TUE AM News: MMAC survey finds tempered optimism among business leaders; State exceeds diversity contracting goals

— The latest MMAC business outlook survey finds company leaders “more tempered in their optimism” due to inflation and persistent labor shortages. 

Bret Mayborne, economic research director for the Metropolitan Milwaukee Association of Commerce, said business leaders in the region expect local economic growth to continue through the second quarter and rest of the year. 
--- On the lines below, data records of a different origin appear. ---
(* Let $G$ be a graph whose odd girth is $5$. If $E(G)=E_1\cup E_2$ with $E_1\cap E_2=\emptyset$, where $(V(G),E_1)$ is bipartite and $E_2$ is a matching, then $G$ admits an orientation in which every $5$-cycle of $G$ is alternating.
   Context: The odd girth of a graph is the length of its shortest odd cycle. An orientation assigns each edge exactly one direction. In an oriented graph, a subgraph that is a cycle is called alternating if at most one of its vertices has both positive in-degree and positive out-degree within that cycle (all others are sources or sinks of the cycle). *)

From mathcomp Require Import all_boot.
Set Implicit Arguments. Unset Strict Implicit. Unset Printing Implicit Defensive.

Definition simple_graph (V : finType) (e : rel V) : Prop :=
  symmetric e /\ irreflexive e.

Definition is_cycle (V : finType) (e : rel V) (k : nat) (c : 'I_k -> V) : Prop :=
  3 <= k /\ injective c /\ forall i : 'I_k, e (c i) (c (ordS i)).

Definition odd_girth (V : finType) (e : rel V) (g : nat) : Prop :=
  (odd g /\ exists c : 'I_g -> V, is_cycle e c) /\
  forall k, odd k -> k < g -> forall c : 'I_k -> V, ~ is_cycle e c.

Definition edge_partition (V : finType) (e E1 E2 : rel V) : Prop :=
  symmetric E1 /\ symmetric E2 /\
  (forall x y, e x y = E1 x y || E2 x y) /\
  (forall x y, ~~ (E1 x y && E2 x y)).

Definition bipartite (V : finType) (E : rel V) : Prop :=
  exists f : V -> bool, forall x y, E x y -> f x != f y.

Definition matching (V : finType) (E : rel V) : Prop :=
  forall x y z, E x y -> E x z -> y = z.

(* An orientation of e: o x y means edge xy is directed x -> y; each edge gets
   exactly one direction. *)
Definition orientation (V : finType) (e o : rel V) : Prop :=
  (forall x y, o x y -> e x y) /\ (forall x y, e x y -> o x y (+) o y x).

Definition cycle_mixed (V : finType) (o : rel V) (k : nat) (c : 'I_k -> V)
  (i : 'I_k) : bool :=
  (o (c (ord_pred i)) (c i) || o (c (ordS i)) (c i)) &&
  (o (c i) (c (ord_pred i)) || o (c i) (c (ordS i))).

(* Alternating: at most one vertex of the cycle is neither a source nor a sink. *)
Definition alternating (V : finType) (o : rel V) (k : nat) (c : 'I_k -> V) : Prop :=
  #|[pred i | cycle_mixed o c i]| <= 1.

From mathcomp Require Import all_boot.
Set Implicit Arguments. Unset Strict Implicit. Unset Printing Implicit Defensive.

(* Let f be a 2-colouring of E1.  Orient every edge whose ends get different
   colours from colour true to colour false, and every monochromatic edge
   (necessarily an E2-edge) arbitrarily.  On a cycle the bichromatic edges then
   alternate in direction, so only the ends of monochromatic edges can be mixed,
   and a monochromatic edge has exactly one mixed end.  Since E2 is a matching,
   no two consecutive edges of a 5-cycle are monochromatic, and by parity of the
   number of colour changes a 5-cycle then has at most one monochromatic edge. *)

Lemma val_iter_ordS k n (i : 'I_k) : val (iter n (@ordS k) i) = (i + n) %% k.
Proof.
elim: n => [|n IHn] /=; first by rewrite addn0 modn_small.
by rewrite IHn -addn1 modnDml -addnA addn1.
Qed.

Lemma iter_ordS_neq k n (i : 'I_k) : 0 < n < k -> iter n (@ordS k) i != i.
Proof.
case/andP=> n_gt0 n_lt_k; apply/eqP => /(congr1 val).
rewrite val_iter_ordS -[X in _ = X](modn_small (ltn_ord i)) => /eqP.
rewrite eqn_mod_dvd ?leq_addr // addKn => /(dvdn_leq n_gt0).
by rewrite leqNgt n_lt_k.
Qed.

Lemma ord_pred_neq k (i : 'I_k) : 1 < k -> ord_pred i != i.
Proof.
move=> k_gt1; apply/eqP => ipi; have := @iter_ordS_neq k 1 i k_gt1.
by rewrite /= -{1}ipi ord_predK eqxx.
Qed.

Lemma iter_ordS_period k (i : 'I_k) : iter k (@ordS k) i = i.
Proof. by apply: val_inj; rewrite val_iter_ordS modnDr modn_small. Qed.

Lemma iter_ordS_onto k (i j : 'I_k) : exists2 n, n < k & j = iter n (@ordS k) i.
Proof.
exists ((j + (k - i)) %% k); first by rewrite ltn_pmod // (leq_ltn_trans _ (ltn_ord i)).
apply: val_inj; rewrite val_iter_ordS modnDmr addnCA subnKC ?(ltnW (ltn_ord i)) //.
by rewrite modnDr modn_small.
Qed.

Definition mono_step k (b : 'I_k -> bool) (i : 'I_k) : bool := b i == b (ordS i).

Section FiveCycle.
Variable b : 'I_5 -> bool.
Hypothesis mono_apart : forall i, ~~ (mono_step b i && mono_step b (ordS i)).

Lemma five_cycle_no_mono_steps_two_apart i : mono_step b i -> ~~ mono_step b (iter 2 (@ordS 5) i).
Proof.
move=> m0; apply/negP => m2.
have m1 : ~~ mono_step b (ordS i) by apply: contraNN (mono_apart i) => ->; rewrite m0.
have m3 : ~~ mono_step b (iter 3 (@ordS 5) i).
  by apply: contraNN (mono_apart (iter 2 (@ordS 5) i)) => ->; rewrite m2.
have m4 : ~~ mono_step b (iter 4 (@ordS 5) i).
  apply: contraNN (mono_apart (iter 4 (@ordS 5) i)) => ->.
  by rewrite -iterS iter_ordS_period m0.
(* Colour changes exactly at steps 1, 3 and 4: an odd number around the cycle. *)
move: m0 m1 m2 m3 m4; rewrite /mono_step -!iterS iter_ordS_period /=.
by case: (b i); case: (b (ordS i)); case: (b _); case: (b _); case: (b _).
Qed.

Lemma five_cycle_mono_step_unique i j : mono_step b i -> mono_step b j -> i = j.
Proof.
have [[|[|[|[|[|n]]]]] // _ ->] := iter_ordS_onto i j => mi mj.
- by move: (mono_apart i); rewrite mi mj.
- by move: (five_cycle_no_mono_steps_two_apart mi); rewrite mj.
- move: (five_cycle_no_mono_steps_two_apart mj).
  by rewrite -iterD iter_ordS_period mi.
- move: (mono_apart (iter 4 (@ordS 5) i)).
  by rewrite -iterS iter_ordS_period mi mj.
Qed.

End FiveCycle.

Section ColourOrientation.
Variables (V : finType) (e : rel V) (f : V -> bool).
Hypotheses (e_sym : symmetric e) (e_irr : irreflexive e).

Definition colour_orient : rel V := fun x y =>
  e x y && if f x == f y then enum_rank x < enum_rank y else f x.

Lemma colour_orientC x y : e x y -> colour_orient y x = ~~ colour_orient x y.
Proof.
move=> exy; rewrite /colour_orient e_sym exy /= eq_sym.
have [fxy|] := eqP; last by case: (f x); case: (f y).
have : enum_rank x != enum_rank y.
  by apply: contraTneq exy => /enum_rank_inj ->; rewrite e_irr.
by rewrite neq_ltn => /orP[] lt_xy; rewrite lt_xy ltnNge ltnW.
Qed.

Lemma colour_orient_orientation : orientation e colour_orient.
Proof.
split=> [x y /andP[] //|x y exy].
by rewrite (colour_orientC exy); case: (colour_orient x y).
Qed.

Lemma colour_orient_bichromatic x y : e x y -> f x != f y -> colour_orient x y = f x.
Proof. by rewrite /colour_orient => -> /negbTE ->. Qed.

End ColourOrientation.

Section CycleMixed.
Variables (V : finType) (e o : rel V) (k : nat) (c : 'I_k -> V).
Hypotheses (oC : forall x y, e x y -> o y x = ~~ o x y)
  (c_step : forall i, e (c i) (c (ordS i))).

Lemma cycle_mixedE i :
  cycle_mixed o c i = (o (c (ord_pred i)) (c i) == o (c i) (c (ordS i))).
Proof.
have pred_step := c_step (ord_pred i); rewrite ord_predK in pred_step.
rewrite /cycle_mixed (oC (c_step i)) (oC pred_step).
by case: (o (c (ord_pred i)) (c i)); case: (o (c i) (c (ordS i))).
Qed.

End CycleMixed.

Section AtMostOneMixed.
Variables (k : nat) (b d : 'I_k -> bool).
Hypotheses (k_gt1 : 1 < k) (d_bichromatic : forall i, ~~ mono_step b i -> d i = b i)
  (mono_unique : forall i j, mono_step b i -> mono_step b j -> i = j).

Lemma mixed_at_mono_step i : d (ord_pred i) == d i ->
  (mono_step b i && (d i != b i)) ||
  (mono_step b (ord_pred i) && (d (ord_pred i) == b (ord_pred i))).
Proof.
have dp : b (ord_pred i) != b i -> d (ord_pred i) = b (ord_pred i).
  by move=> nmp; apply: d_bichromatic; rewrite /mono_step ord_predK.
have di : b i != b (ordS i) -> d i = b i by apply: d_bichromatic.
rewrite /mono_step ord_predK.
have [mi|nmi] := boolP (b i == b (ordS i)).
  have nmp : b (ord_pred i) != b i.
    apply: contra (ord_pred_neq i k_gt1) => mp.
    by apply/eqP/mono_unique; rewrite /mono_step ?ord_predK.
  by rewrite (dp nmp) /=; move: nmp; case: (b i); case: (b _); case: (d i).
rewrite (di nmi) /=; case: (boolP (b _ == b i)) => [/eqP -> //| nmp].
by rewrite (dp nmp); move: nmp; case: (b i); case: (b _).
Qed.

Lemma at_most_one_mixed : #|[pred i | d (ord_pred i) == d i]| <= 1.
Proof.
apply/card_le1_eqP => i j /mixed_at_mono_step Hi /mixed_at_mono_step Hj.
case/orP: Hi => /andP[mi di]; case/orP: Hj => /andP[mj dj].
- exact: mono_unique.
- by move: di; rewrite (mono_unique mi mj) dj.
- by move: dj; rewrite (mono_unique mj mi) di.
- exact/ord_pred_inj/mono_unique.
Qed.

End AtMostOneMixed.

Lemma cycle_mono_steps_apart (V : finType) (e E1 E2 : rel V) (f : V -> bool)
    k (c : 'I_k -> V) :
  (forall x y, e x y -> E1 x y || E2 x y) -> (forall x y, E1 x y -> f x != f y) ->
  symmetric E2 -> matching E2 -> is_cycle e c ->
  forall i, ~~ (mono_step (f \o c) i && mono_step (f \o c) (ordS i)).
Proof.
move=> eE E1f E2_sym E2_match [k_ge3 [c_inj c_step]] i.
have mono_E2 j : mono_step (f \o c) j -> E2 (c j) (c (ordS j)).
  by move=> /eqP /= fcj; case/orP: (eE _ _ (c_step j)) => // /E1f; rewrite fcj eqxx.
apply/negP => /andP[/mono_E2 E2i /mono_E2 E2Si]; rewrite E2_sym in E2i.
have /c_inj/eqP := E2_match _ _ _ E2i E2Si.
by rewrite eq_sym (negbTE (@iter_ordS_neq k 2 i k_ge3)).
Qed.

Theorem mainTheorem10 (V : finType) (e E1 E2 : rel V) :
  simple_graph e ->
  odd_girth e 5 ->
  edge_partition e E1 E2 ->
  bipartite E1 ->
  matching E2 ->
  exists o : rel V, orientation e o /\
    forall c : 'I_5 -> V, is_cycle e c -> alternating o c.
Proof.
move=> [e_sym e_irr] _ [_ [E2_sym [eE _]]] [f E1f] E2_match.
exists (colour_orient e f); split; first exact: colour_orient_orientation.
move=> c c_cycle; have [_ [_ c_step]] := c_cycle.
pose d i := colour_orient e f (c i) (c (ordS i)).
have mixedE i : cycle_mixed (colour_orient e f) c i = (d (ord_pred i) == d i).
  by rewrite /d ord_predK (cycle_mixedE (colour_orientC f e_sym e_irr) c_step).
rewrite /alternating (@eq_card _ _ [pred i | d (ord_pred i) == d i]) => [|i]; last first.
  by rewrite !inE mixedE.
apply: (@at_most_one_mixed _ (f \o c)) => // [i nmi|].
  exact: colour_orient_bichromatic.
apply: five_cycle_mono_step_unique.
by apply: (cycle_mono_steps_apart _ E1f E2_sym E2_match c_cycle) => x y; rewrite eE.
Qed.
But he added that “levels of optimism expressed on sales, profit and employment are all modestly lower than first-quarter expectations in our previous survey.” 

Top business concerns highlighted in the survey include historically high inflation and low unemployment rates, while supply chain problems were ranked as a “moderate” concern and office reopening plans were “of least concern” among all respondents. But manufacturers ranked supply chain issues as one of their top concerns. 

Of the 77 surveyed firms that employ over 21,000 workers, 70 percent predict real sales gains in the second quarter of 2022, compared to this time last year. That’s down from the 75 percent who predicted first-quarter sales gains in the prior survey. 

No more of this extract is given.